与幸吉という青年は、天与呪縛による先天的な五体不満足を抱えていた。そんな彼は、この世界において、最も悪魔に近い存在に魂を売り、健康的な肉体を得ることに成功した。
与幸吉は阿部高和と『縛り』を交わし、阿部の多種多様な術式によって、健康的な肉体を得る。
その対価として、日本全土に展開可能な傀儡操術を用いて、阿部にとっての魅力的な「いい男」の居場所を提供する。
また、与幸吉は阿部と取引をすると同時に、羂索を中心とする呪霊側にも阿部が約束を守らなかった際の保険として、取引を持ち掛けていた。しかし、阿部が約束を守り、与幸吉に健康的な肉体を提供したため、呪霊側との取引は必要なくなった。

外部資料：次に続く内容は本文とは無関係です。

Lemma iter_DyZ i c f :
  iter i Dy (c *: f) =
  \sum_(k < i.+1) (iter k d c *: iter (i - k) Dy f) *+ 'C(i, k).
Proof.
elim: i => [|i IHi]; first by rewrite big_ord1 subn0 bin0.
pose F k := iter k d c *: iter (i.+1 - k) Dy f.
have DyF (k : 'I_i.+1) :
    Dy ((iter k d c *: iter (i - k) Dy f) *+ 'C(i, k)) = (F k.+1 + F k) *+ 'C(i, k).
  by rewrite raddfMn /= DyZ /F subSS -iterS subSn // -ltnS.
rewrite iterS IHi raddf_sum (eq_bigr _ (fun k _ => DyF k)).
under eq_bigr do rewrite mulrnDl.
rewrite big_split /= -/(\sum_(k < i.+2) F k *+ 'C(i.+1, k)) [RHS]big_ord_recl bin0 mulr1n.
rewrite [in RHS](eq_bigr (fun k : 'I_i.+1 => F k.+1 *+ 'C(i, k) + F k.+1 *+ 'C(i, k.+1)));
  last by move=> k _; rewrite /bump /= binS mulrnDr addrC.
rewrite big_split /= addrCA; congr (_ + _).
rewrite big_ord_recl bin0 mulr1n big_ord_recr /= bin_small // mulr0n addr0.
by congr (_ + _); apply: eq_bigr => k _; rewrite /bump.
Qed.

Implicit Types (P Q R A B f g : {poly K}).
Local Notation "P ** Q" := (dmul d P Q) (at level 40, left associativity).

Definition opact P f : {poly K} := pcomb (fun i => iter i Dy f) P.

Lemma opactD P Q f : opact (P + Q) f = opact P f + opact Q f.
Proof. exact: linearD. Qed.

Lemma opactZ c P f : opact (c *: P) f = c *: opact P f.
Proof. exact: linearZ. Qed.

Lemma opact0 f : opact 0 f = 0.
Proof. exact: linear0. Qed.

Lemma opact_sum I (r : seq I) (p : pred I) (F : I -> {poly K}) f :
  opact (\sum_(i <- r | p i) F i) f = \sum_(i <- r | p i) opact (F i) f.
Proof. exact: linear_sum. Qed.

Lemma opact1 f : opact 1 f = f.
Proof. by have := pcombZXn (fun i => iter i Dy f) 1 0; rewrite scale1r expr0 scale1r. Qed.

Lemma opact_addr P f g : opact P (f + g) = opact P f + opact P g.
Proof.
by rewrite /opact /pcomb -big_split; apply: eq_bigr => i _; rewrite iter_DyD scalerDr.
Qed.

Lemma opact_scaler_const P c f : d c = 0 -> opact P (c *: f) = c *: opact P f.
Proof.
move=> dc; rewrite /opact /pcomb scaler_sumr; apply: eq_bigr => i _.
by rewrite iter_DyZ_const // !scalerA mulrC.
Qed.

京都校の同級生にとって危険な呪霊側を排除しつつ、自分の所業を隠すための手段として、与幸吉は超小型の傀儡を展開し、呪霊側が活動している際の位置情報を追跡、リアルタイムで阿部に共有することを選んだ。
その結果、呪霊・呪詛師側が、国外から天内理子と黒井美里を拉致し、夏油傑をおびき出すために待機していたビルに阿部高和が襲撃、小物とみなしていた一人の青年により計画が瓦解するという、呪霊・呪詛師側にとっては悪夢のようなできごとが発生した。

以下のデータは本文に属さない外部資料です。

(* Let $\mathcal{G}$ be an étale groupoid injectively graded by a countable discrete abelian group $A$ via $\Phi:\mathcal{G}\to A$, let $c:\mathcal{G}\to\mathbb{R}$ be a continuous groupoid homomorphism, $\beta\in\mathbb{R}$, and let $\mu\in\Delta(e^{-\beta c})\setminus\{0\}$ be ergodic. Then: (1) for every subgroup $C\subseteq A$, the set $X(C)=\{x\in\mathcal{G}^{(0)}:\Phi(\mathcal{G}^x_x)=C\}$ is Borel and invariant; (2) there is a unique subgroup $B\subseteq A$ with $\mu(\mathcal{G}^{(0)}\setminus X(B))=0$; (3) for $x\in X(B)$ let $\Phi_x:C^*(\mathcal{G}^x_x)\to C^*(B)$ be the isomorphism induced by $\Phi|_{\mathcal{G}^x_x}$ ($u_g\mapsto u_{\Phi(g)}$); if $\{\varphi_x\}_{x\in\mathcal{G}^{(0)}}$ is a $\mu$-measurable field of states with $\varphi_x(u_g)=\varphi_{r(h)}(u_{hgh^{-1}})$ for $\mu$-a.e. $x$ and all $g\in\mathcal{G}^x_x$, $h\in\mathcal{G}_x$, then there is a state $\varphi$ on $C^*(B)$ such that $\varphi\circ\Phi_x=\varphi_x$ for $\mu$-a.e. $x\in X(B)$.
   Context: Étale groupoid: locally compact second countable Hausdorff groupoid with range $r$, source $s$ local homeomorphisms; $\mathcal{G}_x=s^{-1}(x)$, $\mathcal{G}^x_x=r^{-1}(x)\cap s^{-1}(x)$. $\mathcal{G}$ is injectively graded by $A$ via $\Phi$ if $\Phi:\mathcal{G}\to A$ is a continuous groupoid homomorphism with $\ker(\Phi)\cap\mathcal{G}^x_x=\{x\}$ for all $x\in\mathcal{G}^{(0)}$. $\Delta(e^{-\beta c})$: regular Borel measures on $\mathcal{G}^{(0)}$ quasi-invariant with Radon–Nikodym cocycle $e^{-\beta c}$, i.e. $\mu_r\sim\mu_s$ and $d\mu_r/d\mu_s=e^{-\beta c}$, where $\int f\,d\mu_r=\int\sum_{g\in r^{-1}(x)}f(g)\,d\mu(x)$, $\int f\,d\mu_s=\int\sum_{g\in s^{-1}(x)}f(g)\,d\mu(x)$ for $f\in C_c(\mathcal{G})$. A set $Y\subseteq\mathcal{G}^{(0)}$ is invariant if $Y=r(s^{-1}(Y))$; $\mu$ is ergodic if every invariant Borel set is null or conull. $u_g$ denote canonical unitaries in group $C^*$-algebras. A $\mu$-measurable field of states is a family of states $\varphi_x$ on $C^*(\mathcal{G}^x_x)$ with $x\mapsto\sum_{g\in\mathcal{G}^x_x}f(g)\varphi_x(u_g)$ $\mu$-measurable for all $f\in C_c(\mathcal{G})$. *)

From HB Require Import structures.
From mathcomp Require Import all_boot all_order all_algebra.
From mathcomp Require Import all_classical all_reals all_analysis.
From mathcomp Require Import complex.
Set Implicit Arguments. Unset Strict Implicit. Unset Printing Implicit Defensive.
Import Order.TTheory GRing.Theory Num.Theory.
Import numFieldNormedType.Exports.
Local Open Scope classical_set_scope.
Local Open Scope ring_scope.

Definition Borel (X : ptopologicalType) := g_sigma_algebraType (@open X).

「うほ、いい男ばっかりじゃないの。とことん楽しませてやるからな。領域展開【くそみそテクニック】」
襲撃した阿部高和が領域を展開した瞬間、世界が一変した。
公園の公衆トイレにベンチ。そこに阿部高和が約20年近く掘り続け、ガチホモに目覚めた被害者たちが見渡す限り集結していた。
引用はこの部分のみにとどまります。